Four years have passed since AIFMD was introduced, yet inconsistencies in its application still exist across EU member states. Marketing is one area where consensus has been elusive, with different regulators adopting their own separate approaches, thereby sowing confusion among fund managers.
Whereas the UK allows some ‘pre-marketing’ – including the sharing of draft fund documentation – to take place between managers and EU investors without triggering AIFMD compliance, other countries have been far less generous, insisting that the point of initial contact with prospective clients constitutes marketing, subjecting the manager to local registration, costs and occasionally reporting.
The European Commission (EC) is seeking to iron out these contradictory interpretations of marketing as part of its CMU (Capital Markets Union) initiative, the overriding purpose of which is to bring about greater harmonisation and uniformity across member states in order to facilitate easier cross-border investment.
The EC’s proposals – announced in March 2018 – aim to coherently define ‘pre-marketing’ under AIFMD as “a direct or indirect provision of information on investment strategies or investment ideas by an alternative investment fund manager (AIFM) or on its behalf to professional investors domiciled or registered in the Union in order to test their interest in an alternative investment fund (AIF) which is not yet established.”
Under the proposals, pre-marketing will be unavailable to existing AIFs, nor can firms share with investors details about their prospectuses and constitutional documents of soon-to-be-established AIFs. Some industry bodies have come out against the provisions, warning the rules introduce added complexity and restrictions for asset managers looking to sell into the EU.
The Direction of travel
At present, the pre-marketing rules – according to some legal firm commentary – appear to apply to authorised EU AIFMs only, and not to non-EU AIFMs, unless local regulators choose otherwise. It is highly probable that non-EU firms will be impacted eventually, should these proposals be implemented. While the proposals are unlikely to become legislation any time soon, they will surely affect UK firms that market in Europe, and that will become non-EU AIFMs when Brexit arrives in 2019 or 2021.
Inside the EU, many managers of non-EU AIFs utilise National Private Placement Regimes (NPPR) to distribute their products, and will have appointed depositary providers pursuant to the rules.

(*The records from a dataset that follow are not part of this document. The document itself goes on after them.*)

Definition strong_CD_with
  (winv : forall A B : c_ob C1,
      c_hom (c_prod (f_ob F A) (f_ob F B)) (f_ob F (c_prod A B))) : Prop :=
  strong_CkL_with winv /\
  (forall (A B : c_ob C1) (f : c_hom A B),
      c_D (f_map F f) = c_comp (f_map F (c_D f)) (winv A A)).

Definition is_strong_CDFunctor : Prop :=
  exists winv, strong_CD_with winv.

(** strict: F preserves terminal object and products on the nose and
    omega is the identity (after transport along these equalities). *)
Definition is_strict_CDFunctor : Prop :=
  is_functor /\ functor_klinear /\
  exists (eT : f_ob F (c_term C1) = c_term C2)
         (eP : forall A B : c_ob C1,
               f_ob F (c_prod A B) = c_prod (f_ob F A) (f_ob F B)),
    (forall A B : c_ob C1, castdom (eP A B) (omega A B) = c_id _) /\
    (forall (A B : c_ob C1) (f : c_hom A B),
        c_D (f_map F f) = castdom (eP A A) (f_map F (c_D f))).

End Functors.

Arguments is_strong_CDFunctor {k C1 C2} F.
Arguments is_strict_CDFunctor {k C1 C2} F.

Record MonadData (k : comPzSemiRingType) (C : CDCData k) := {
  m_S : FunctorData C C;
  m_eta : forall A : c_ob C, c_hom A (f_ob m_S A);
  m_mu : forall A : c_ob C, c_hom (f_ob m_S (f_ob m_S A)) (f_ob m_S A);
  (* chosen inverse of omega_{A,B} : S(A x B) -> S(A) x S(B) *)
  m_winv : forall A B : c_ob C,
      c_hom (c_prod (f_ob m_S A) (f_ob m_S B)) (f_ob m_S (c_prod A B)) }.

Arguments m_S {k C} m.
Arguments m_eta {k C} m A.
Arguments m_mu {k C} m A.
Arguments m_winv {k C} m A B.

Section Monads.
Variable k : comPzSemiRingType.
Variable C : CDCData k.
Variable M : MonadData C.
Local Notation S := (f_ob (m_S M)).
Local Notation Sm := (f_map (m_S M)).
Local Notation eta := (m_eta M).
Local Notation mu := (m_mu M).

Definition is_monad : Prop :=
  is_functor (m_S M) /\
  (forall (A B : c_ob C) (f : c_hom A B), c_comp (Sm f) (eta A) = c_comp (eta B) f) /\
  (forall (A B : c_ob C) (f : c_hom A B),
      c_comp (Sm f) (mu A) = c_comp (mu B) (Sm (Sm f))) /\
  (forall A : c_ob C, c_comp (mu A) (Sm (eta A)) = c_id _) /\
  (forall A : c_ob C, c_comp (mu A) (eta (S A)) = c_id _) /\
  (forall A : c_ob C, c_comp (mu A) (mu (S A)) = c_comp (mu A) (Sm (mu A))).

Definition is_CDMonad : Prop :=
  is_monad /\ strong_CD_with (m_winv M) /\
  (forall A : c_ob C, D_linear (eta A)) /\
  (forall A : c_ob C, D_linear (mu A)).

Definition Kleisli : CDCData k := {|
  c_ob := c_ob C;
  c_hom := fun A B => c_hom A (S B);
  c_comp := fun A B E g f => c_comp (c_comp (mu E) (Sm g)) f;
  c_id := fun A => eta A;
  c_add := fun A B f g => c_add f g;
  c_zero := fun A B => c_zero A (S B);
  c_scal := fun A B r f => c_scal r f;
  c_term := c_term C;
  c_prod := fun A B => c_prod A B;
  c_p1 := fun A B => c_comp (eta A) (c_p1 A B);
  c_p2 := fun A B => c_comp (eta B) (c_p2 A B);
  c_pair := fun E A B f g => c_comp (m_winv M A B) (c_pair f g);
  c_D := fun A B f => c_D f |}.

Definition LS : FunctorData C Kleisli :=
  @Build_FunctorData k C Kleisli (fun A => A)
    (fun (A B : c_ob C) (f : @c_hom k C A B) =>
       (c_comp (eta B) f : @c_hom k Kleisli A B)).

Definition RS : FunctorData Kleisli C :=
  @Build_FunctorData k Kleisli C (fun A => S A)
    (fun (A B : c_ob C) (f : @c_hom k Kleisli A B) =>
       c_comp (mu B) (Sm (f : @c_hom k C A (S B)))).

End Monads.

Arguments is_CDMonad {k C} M.
Arguments Kleisli {k C} M.
Arguments LS {k C} M.
Arguments RS {k C} M.

From Pilot Require Import Defs.
From mathcomp Require Import all_boot all_algebra.
Set Implicit Arguments. Unset Strict Implicit. Unset Printing Implicit Defensive.

(** Everything rests
    on two observations:
    - D-linear maps (D[g] = g o pi2) are k-linear and commute with D under
      post-composition: D[g o f] = g o D[f]; in particular eta, mu, S(pi_j),
      omega and its inverse are D-linear, so all the Kleisli structure maps
      (composition, projections, pairing) are post-compositions of D-linear
      maps with ordinary ones;
    - the Kleisli extension g# = mu o S(g) satisfies the usual monad laws. *)

Section CartesianCategory.
Variables (k : comPzSemiRingType) (C : CDCData k).
Hypotheses (Hcat : is_category C) (Hprod : is_product C).
Local Notation ob := (c_ob C).
Local Notation hom := (@c_hom k C).

Lemma comp_assoc (A B E F : ob) (h : hom E F) (g : hom B E) (f : hom A B) :
  c_comp h (c_comp g f) = c_comp (c_comp h g) f.
Proof. by case: Hcat => ->. Qed.

Lemma comp_idl (A B : ob) (f : hom A B) : c_comp (c_id B) f = f.
Proof. by case: Hcat => _ []. Qed.

Lemma comp_idr (A B : ob) (f : hom A B) : c_comp f (c_id A) = f.
Proof. by case: Hcat => _ []. Qed.

Lemma p1_pair (E A B : ob) (f : hom E A) (g : hom E B) :
  c_comp (c_p1 A B) (c_pair f g) = f.
Proof. by case: (Hprod E A B) => /(_ f g) []. Qed.

Lemma p2_pair (E A B : ob) (f : hom E A) (g : hom E B) :
  c_comp (c_p2 A B) (c_pair f g) = g.
Proof. by case: (Hprod E A B) => /(_ f g) []. Qed.

Lemma pair_eta (E A B : ob) (h : hom E (c_prod A B)) :
  c_pair (c_comp (c_p1 A B) h) (c_comp (c_p2 A B) h) = h.
Proof. by case: (Hprod E A B). Qed.

Lemma pair_ext (E A B : ob) (h h' : hom E (c_prod A B)) :
  c_comp (c_p1 A B) h = c_comp (c_p1 A B) h' ->
  c_comp (c_p2 A B) h = c_comp (c_p2 A B) h' -> h = h'.
Proof. by move=> e1 e2; rewrite -(pair_eta h) -(pair_eta h') e1 e2. Qed.

Lemma pair_comp (E' E A B : ob) (f : hom E A) (g : hom E B) (h : hom E' E) :
  c_comp (c_pair f g) h = c_pair (c_comp f h) (c_comp g h).
Proof. by rewrite -[LHS]pair_eta !comp_assoc p1_pair p2_pair. Qed.

Lemma pair_proj (A B : ob) : c_pair (c_p1 A B) (c_p2 A B) = c_id (c_prod A B).
Proof. by rewrite -{1}(pair_eta (c_id _)) !comp_idr. Qed.

End CartesianCategory.

Section DifferentialCategory.
Variables (k : comPzSemiRingType) (C : CDCData k).
Hypothesis HC : is_CDC C.
Local Notation ob := (c_ob C).
Local Notation hom := (@c_hom k C).

Lemma CDC_category : is_category C.
Proof. by case: HC => [[[]]]. Qed.

Lemma CDC_kmodules : homs_are_kmodules C.
Proof. by case: HC => [[[_ []]]]. Qed.

Lemma CDC_terminal : is_terminal C.
Proof. by case: HC => [[_ []]]. Qed.

Lemma CDC_product : is_product C.
Proof. by case: HC => [[_ [_ []]]]. Qed.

Based on INDOS’ experience, few UK firms rely entirely on reverse solicitation, a somewhat ambiguous term interpreted differently across EU national regulators, which excuses managers from certain areas of AIFMD compliance provided they can demonstrate that an EU investor initiated first contact and not the other way around.
However, INDOS notes that reliance on reverse solicitation is more prevalent among US and other non-EU asset managers, a strategy some European lawyers believe exposes them to regulatory risk given the differences of opinion about what constitutes marketing across member states. Non-EU managers have been warned by lawyers, for example, that innocuous activities like distributing business cards to EU investors could fall foul of AIFMD’s marketing rules. While no penalties have, to our knowledge, been levied by regulators on managers to date for marketing violations, many believe it is only a matter of time. There is also the risk that investors can claim a right of rescission if a manager that had breached AIFMD’s marketing rules were to subsequently lose money.
The new prescriptive definition of pre-marketing, however, is likely to constrain non-EU managers’ from using reverse solicitation going forward. Some of the activities proscribed by the EC (i.e. sharing draft prospectuses) under its pre-marketing rules have reportedly been common practice at non-EU managers using reverse solicitation. The proposed changes may result in more managers transitioning towards NPPR registration and subjecting themselves and their funds to the relevant AIFMD rules.
The shift away from reverse solicitation would require non-EU managers to make some relatively modest changes to their operating models and procedures, including the appointment of depositaries (if marketing in certain EU countries, such as Germany and Denmark), provide additional investor disclosures, as well as file Annex IV regulatory reports in the EU jurisdictions where they are distributing products. AIFMD is bedded down, and most managers have found the costs and operational impact to be acceptable, mainly because the entire process is now tried and tested.
INDOS’ non-EU manager clients, which registered through NPPR and became subject to AIFMD, have since been rewarded with capital inflows from European allocators. With reverse solicitation likely to be trimmed, more firms targeting EU investors will transition towards AIFMD compliance, a policy which could reap benefits.